Whatever happened to the blockbuster movie soundtrack?
Global News
For decades, movies were accompanied by a soundtrack album that often yielded big hit singles. What happened to that?
When talking pictures arrived in the late 1920s, songs from movies became big business. Al Jolson, who starred in The Jazz Singer, the first blockbuster talkie, sold millions of 78 RPM records.
Fifteen years later, Irving Berlin sat next to a swimming pool in Hollywood and wrote White Christmas for the film Holiday Inn. The Bing Crosby version, released on July 30, 1942, is still the biggest-selling single of all time with lifetime sales somewhere in excess of $50 million.

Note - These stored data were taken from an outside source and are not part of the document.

(* Existential second-order universal Horn logic does not capture the complexity class $\mathbf{P}$, even when restricted to finite input structures whose vocabulary includes a successor relation: there is a decision problem on such structures that is decidable in polynomial time but is not expressible by any ESO universal Horn sentence.
   Context: ESO universal Horn logic consists of sentences of the form $\exists S_1 \cdots \exists S_m\, \forall \bar{x}\, \psi$, where $S_1,\dots,S_m$ are second-order (relation) variables and $\forall \bar x\,\psi$ is a universal first-order formula whose matrix $\psi$ is a conjunction of Horn clauses with respect to the quantified relations $S_i$ (each clause contains at most one positive occurrence of an atom built from an $S_i$; atoms and negated atoms over the input vocabulary are unrestricted). A decision problem (a class of finite structures over a fixed input vocabulary) is expressed by such a sentence if a finite input structure is a yes-instance exactly when it satisfies the sentence. A successor relation is a binary relation in the input vocabulary interpreted as the successor relation of a linear order on the universe. $\mathbf{P}$ is the class of problems decidable in polynomial time. *)

From mathcomp Require Import all_boot.
Set Implicit Arguments. Unset Strict Implicit. Unset Printing Implicit Defensive.

(* A vocabulary is the list of arities of its relation symbols.
   A finite structure has the nonempty universe 'I_(usize.+1). *)
Record structure (voc : seq nat) := Struct {
  usize : nat;
  srel : forall i : 'I_(size voc), {set (nth 0 voc i).-tuple 'I_usize.+1}
}.

Definition iso (voc : seq nat) (A B : structure voc) : Prop :=
  exists f : 'I_(usize A).+1 -> 'I_(usize B).+1,
    bijective f /\
    forall (i : 'I_(size voc)) (t : (nth 0 voc i).-tuple 'I_(usize A).+1),
      (t \in srel A i) = (map_tuple f t \in srel B i).

(* A decision problem = a class of structures closed under isomorphism. *)
Definition iso_closed (voc : seq nat) (K : structure voc -> Prop) : Prop :=
  forall A B, iso A B -> K A -> K B.

(* The symbol s is interpreted as the successor relation of some linear
   order of the universe (the order given by the ranks p x). *)
Definition is_succ (voc : seq nat) (s : 'I_(size voc)) (A : structure voc) : Prop :=
  exists p : 'I_(usize A).+1 -> 'I_(usize A).+1, bijective p /\
    forall t : (nth 0 voc s).-tuple 'I_(usize A).+1,
      t \in srel A s <->
      exists x y, val t = [:: x; y] /\ nat_of_ord (p y) = (p x).+1.

(* Literals over first-order variables 'I_k, input vocabulary voc and
   second-order (quantified) relation variables with arities sov.
   The boolean is the polarity (true = positive literal). *)
Inductive lit (voc sov : seq nat) (k : nat) : Type :=
  | LEq : bool -> 'I_k -> 'I_k -> lit voc sov k
  | LIn : bool -> forall i : 'I_(size voc), (nth 0 voc i).-tuple 'I_k -> lit voc sov k
  | LSO : bool -> forall j : 'I_(size sov), (nth 0 sov j).-tuple 'I_k -> lit voc sov k.

(* An ESO universal sentence  exists S_1..S_m forall x_1..x_k, /\ clauses,
   each clause being a disjunction of literals. *)
Record eso_sentence (voc : seq nat) := ESO {
  so_arities : seq nat;
  fo_nvars : nat;
  clauses : seq (seq (lit voc so_arities fo_nvars))
}.

Definition is_pos_so_lit (voc sov : seq nat) (k : nat) (l : lit voc sov k) : bool :=
  if l is LSO true _ _ then true else false.

(* Horn w.r.t. the quantified relations: each clause has at most one
   positive second-order atom; input/equality literals are unrestricted. *)
Definition is_horn (voc : seq nat) (phi : eso_sentence voc) : bool :=
  all (fun c => count (@is_pos_so_lit _ _ _) c <= 1) (clauses phi).

Definition eval_lit (voc sov : seq nat) (k : nat) (A : structure voc)
    (S : forall j : 'I_(size sov), {set (nth 0 sov j).-tuple 'I_(usize A).+1})
    (a : 'I_k -> 'I_(usize A).+1) (l : lit voc sov k) : bool :=
  match l with
  | LEq b x y => (a x == a y) == b
  | LIn b i xs => (map_tuple a xs \in srel A i) == b
  | LSO b j xs => (map_tuple a xs \in S j) == b
  end.

Definition sat (voc : seq nat) (A : structure voc) (phi : eso_sentence voc) : Prop :=
  exists S : forall j : 'I_(size (so_arities phi)),
               {set (nth 0 (so_arities phi) j).-tuple 'I_(usize A).+1},
    forall a : 'I_(fo_nvars phi) -> 'I_(usize A).+1,
      all (fun c => has (eval_lit S a) c) (clauses phi).

Inductive move := MLeft | MRight | MStay.

(* States 'I_nst.+1 (start state 0); tape alphabet 'I_nsym.+3 with
   0 = blank, 1 = bit false, 2 = bit true. The machine halts when
   delta is undefined; it accepts iff it halts in an accepting state. *)
Record TM := MkTM {
  tm_nst : nat;
  tm_nsym : nat;
  tm_delta : 'I_tm_nst.+1 -> 'I_tm_nsym.+3 ->
             option ('I_tm_nst.+1 * 'I_tm_nsym.+3 * move);
  tm_acc : 'I_tm_nst.+1 -> bool
}.

Section TMsem.
Variable M : TM.
Definition sym := 'I_(tm_nsym M).+3.
Definition blank : sym := inord 0.
Definition sym_of_bit (b : bool) : sym := if b then inord 2 else inord 1.

(* configuration: state, left tape (nearest cell first), head cell, right tape *)
Definition config := ('I_(tm_nst M).+1 * seq sym * sym * seq sym)%type.

Definition tm_init (w : seq bool) : config :=
  match map sym_of_bit w with
  | [::] => (ord0, [::], blank, [::])
  | a :: r => (ord0, [::], a, r)
  end.

Definition tm_step (c : config) : config :=
  let: (q, L, a, R) := c in
  match tm_delta q a with
  | None => c
  | Some (q', b, MStay) => (q', L, b, R)
  | Some (q', b, MLeft) =>
      match L with [::] => (q', [::], blank, b :: R)
                 | x :: L' => (q', L', x, b :: R) end
  | Some (q', b, MRight) =>
      match R with [::] => (q', b :: L, blank, [::])
                 | x :: R' => (q', b :: L, x, R') end
  end.

Definition tm_halted (c : config) : bool :=
  let: (q, _, a, _) := c in if tm_delta q a is None then true else false.

Definition tm_accepting (c : config) : bool :=
  let: (q, _, _, _) := c in @tm_acc M q.
End TMsem.

Definition encode (voc : seq nat) (A : structure voc) : seq bool :=
  nseq (usize A).+1 true ++ false ::
  flatten [seq [seq t \in srel A i | t <- enum {: (nth 0 voc i).-tuple 'I_(usize A).+1}]
          | i <- enum 'I_(size voc)].

Definition in_P (voc : seq nat) (K : structure voc -> Prop) : Prop :=
  exists (M : TM) (c d : nat),
    forall A : structure voc,
      let cfg := iter (c * (size (encode A)).+1 ^ d) (@tm_step M) (tm_init M (encode A)) in
      tm_halted cfg /\ (tm_accepting cfg <-> K A).

(* An ESO universal sentence is preserved under induced substructures: restrict
   the witnessing relations to the substructure and every universal clause stays
   true.  The first element of a two-element successor structure induces a
   one-element structure that is again a successor structure.  So no ESO
   universal sentence, Horn or not, defines the class of two-element successor
   structures on successor structures, although this class is trivially in P:
   its encodings form a finite language, which a machine simulating a finite
   automaton decides in linear time. *)

From mathcomp Require Import all_boot.
Set Implicit Arguments. Unset Strict Implicit. Unset Printing Implicit Defensive.
(* Consider the model described in the context and suppose the Lipschitz assumption holds. Let $Q$ map each point $z\in\mathbb R^{\mathcal X}$ to a nearest point of $\mathcal Q_n$, i.e. $Q(z)\in\arg\min_{\hat z\in\mathcal Q_n}\|z-\hat z\|_\infty$. Define $\tilde V_{T+1}(\hat z):=0$ for $\hat z\in\mathcal Q_n$ and, for $t=T,\dots,1$ and $\hat z\in\mathcal Q_n$, $$\tilde V_t(\hat z):=\min_{\gamma\in\mathcal G}\Big(\hat c_t(\hat z,\gamma)+\tilde V_{t+1}\big(Q(\hat f_t(\hat z,\gamma))\big)\Big).$$ Let $\psi_t(\hat z)$ be any minimizer of this right-hand side, let $\hat z_1=Q(\mathbb P(x_1=\cdot))$ and $\hat z_{t+1}=Q(\hat f_t(\hat z_t,\psi_t(\hat z_t)))$, and define the fully decentralized strategy $\mathbf g=\{g_t\}_{t=1}^T$ with $u^i_t=g_t(x^i_t)$, $g_t(x):=\psi_t(\hat z_t)(x)$. Then $|J(\mathbf g)-J^\ast|\le\epsilon(n)$ for some $\epsilon(n)\in\mathcal O(1/\sqrt n)$.
   Context: Fix $n\in\mathbb N$ agents, a horizon $T\in\mathbb N$, finite sets $\mathcal X,\mathcal U,\mathcal W$; $\mathbb N_k=\{1,\dots,k\}$. Let $\mathcal I(\mathcal X)=[0,1]^{\mathcal X}$, $\Delta(\mathcal X)$ the probability vectors on $\mathcal X$, $\mathcal M_n=\{m\in\Delta(\mathcal X): m(x)\in\{0,\tfrac1n,\dots,1\}\}$, and $\mathcal Q_n=\{0,\tfrac1n,\dots,1\}^{\mathcal X}$. Agent $i\in\mathbb N_n$ has state $x^i_t\in\mathcal X$, action $u^i_t\in\mathcal U$; mean-field $m_t(x)=\frac1n\sum_i\mathbb 1(x^i_t=x)$. Dynamics $x^i_{t+1}=f_t(x^i_t,u^i_t,w^i_t,m_t)$, $f_t:\mathcal X\times\mathcal U\times\mathcal W\times\mathcal I(\mathcal X)\to\mathcal X$. Initial states i.i.d. with law $\mathbb P(x_1=\cdot)$; for each $t$ the noises $w^1_t,\dots,w^n_t$ are i.i.d. with law $\mathbb P(w_t=\cdot)$; initial states and all noises mutually independent. $\mathbb P(y|x,u,z)=\sum_w\mathbb 1(f_t(x,u,w,z)=y)\mathbb P(w_t=w)$. Costs $\ell_t:\mathcal X\times\mathcal U\times\mathcal I(\mathcal X)\to\mathbb R_{\ge0}$. Lipschitz assumption: constants $K^1_t,K^2_t>0$ with $|\mathbb P(y|x,u,z_1)-\mathbb P(y|x,u,z_2)|\le K^1_t\|z_1-z_2\|_\infty$, $|\ell_t(x,u,z_1)-\ell_t(x,u,z_2)|\le K^2_t\|z_1-z_2\|_\infty$ for all $x,y,u$, $z_1,z_2\in\mathcal I(\mathcal X)$. Cost of a strategy: $J=\mathbb E[\sum_{t=1}^T\frac1n\sum_i\ell_t(x^i_t,u^i_t,m_t)]$. $J^\ast$ is the optimal cost over mean-field sharing strategies $u^i_t=g_t(x^i_t,m_t)$, $g_t:\mathcal X\times\mathcal M_n\to\mathcal U$. $\mathcal G$ is the set of maps $\gamma:\mathcal X\to\mathcal U$; $\hat f_t(z,\gamma)(y)=\sum_x z(x)\mathbb P(y|x,\gamma(x),z)$, $\hat c_t(z,\gamma)=\sum_x z(x)\ell_t(x,\gamma(x),z)$. Model data do not depend on $n$; $\mathcal O(1/\sqrt n)$ means bounded by $C/\sqrt n$ with $C$ independent of $n$. *)

From HB Require Import structures.
From mathcomp Require Import all_boot all_order all_algebra.
From mathcomp Require Import classical_sets reals.
Set Implicit Arguments. Unset Strict Implicit. Unset Printing Implicit Defensive.
Import Order.TTheory GRing.Theory Num.Theory.
Local Open Scope ring_scope.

When Columbia Records unveiled the long-playing vinyl album at a big ceremony at the Waldorf-Astoria Hotel in New York in June 1948, Hollywood was very interested. Since almost the beginning of recorded music, songs from Broadway musicals and films had been a major source of hits. Movie producers saw the LP as another way to promote their movies and the songs they contained.
It didn’t take long for soundtrack albums — along with original cast recordings from Broadway productions — to become wildly popular.
Rock ‘n’ roll got into the act. Rock Around the Clock, the classic Bill Haley & His Comets recording, played under the opening credits of the 1954 film, Blackboard Jungle, causing kids worldwide to jump into the aisles and dance. Fast-forward to the 60s and movie soundtracks got even bigger, thanks to The Beatles (A Hard Day’s Night and Help!) and, most importantly, The Sound of Music from 1965, which for years was listed in the Guinness Book of World Records as the best-selling record (not just soundtrack) of all time. The latest guess is that it has sold more than 20 million copies.
But it was Saturday Night Fever in 1977 that really broke things open. The Bee Gees-heavy record was the source of eight hit singles on the radio, four of which reached number one on the Billboard Hot 100, propelling the double album to sales of $40 million, give or take. It was followed a year later by Grease, which has sold 28 million copies.
There was big, big money to be made in soundtracks, and both the recorded music industry and Hollywood knew it. It also helped that studios and labels began to consolidate, making it easier to create synergies when it came to promotion, marketing, acquiring talent, and licensing songs. A movie had to be accompanied by a soundtrack album. And even if the movie tanked, the soundtrack could backstop things a little. Car Wash from 1976 and FM from 1977 are good examples.
It worked, and everyone was happy: Urban Cowboy (1980), The Big Chill (1983), Flashdance (1983), Purple Rain (1984), Footloose (1984), Top Gun (1986), Dirty Dancing (1987), Cocktail (1998), and every single John Hughes film. And that’s just a tiny sample of gold- and platinum-selling movie soundtracks from the decade.